§ DIRECTIONS
Please look for the string "rewrite" below and report every line in which it occurs.

§ EXTRACTED DATA
◆ ◆ ◆ ◆ ◆ ◆ ◆

Lemma dotp_scaled_ball_ge (a q q' y z : V) (n r : R) : 0 <= n ->
  enorm (y - q') < r -> enorm (z - n *: q) < r * n ->
  n * (dotp a (q' - q) - 2 * l1norm a * r) <= dotp a (n *: y - z).
Proof.
move=> n0 hy hz.
have := normr_dotp_le a (y - q'); have := normr_dotp_le a (z - n *: q).
have := l1norm_ge0 a; set Sa := l1norm a => Sa0 h2 h1.
have Hq' : dotp a q' - dotp a y <= Sa * r.
  apply: le_trans (le_trans h1 (ler_wpM2l Sa0 (ltW hy))).
  by rewrite dotpB -normrN opprB ler_norm.
have Hq : dotp a z - n * dotp a q <= Sa * (r * n).
  apply: le_trans (le_trans h2 (ler_wpM2l Sa0 (ltW hz))).
  by rewrite dotpB dotpZ ler_norm.
have := ler_wpM2l n0 Hq'.
rewrite !dotpB dotpZ; nra.
Qed.

End euclidean.

Section extended_reals.
Context (R : realType).
Local Open Scope ereal_scope.

Lemma lne_le_ln (x : \bar R) (y : R) : 0 <= x -> x <= y%:E -> (0 < y)%R -> lne x <= (ln y)%:E.
Proof.
by move=> x0 xy y0; rewrite -lne_EFin // lee_lne // in_itv /= ?leey ?andbT // lee_fin ltW.
Qed.

Lemma le_limn_esup (u v : (\bar R)^nat) :
  (forall n, u n <= v n) -> limn_esup u <= limn_esup v.
Proof.
move=> uv; rewrite !limn_esup_lim; apply: lee_lim; try exact: is_cvg_esups.
apply: nearW => n /=; apply: ge_ereal_sup => _ [k kn <-].
by apply: le_trans (uv k) _; apply: ereal_sup_ubound; exists k.
Qed.

Lemma limn_esup_le (u : (\bar R)^nat) (c : \bar R) N :
  (forall n, (N <= n)%N -> u n <= c) -> limn_esup u <= c.
Proof.
move=> uc; rewrite limn_esup_lim (cvg_lim _ (@cvg_esups_inf _ u)) //.
apply: le_trans (ereal_inf_lbound _) _; first by exists N.
by apply: ge_ereal_sup => _ [k kN <-]; exact: uc.
Qed.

◆ ◆ ◆ ◆ ◆ ◆ ◆

§ COMPLETED EXERCISE
  by rewrite dotpB -normrN opprB ler_norm.
  by rewrite dotpB dotpZ ler_norm.
rewrite !dotpB dotpZ; nra.
by move=> x0 xy y0; rewrite -lne_EFin // lee_lne // in_itv /= ?leey ?andbT // lee_fin ltW.
move=> uv; rewrite !limn_esup_lim; apply: lee_lim; try exact: is_cvg_esups.
move=> uc; rewrite limn_esup_lim (cvg_lim _ (@cvg_esups_inf _ u)) //.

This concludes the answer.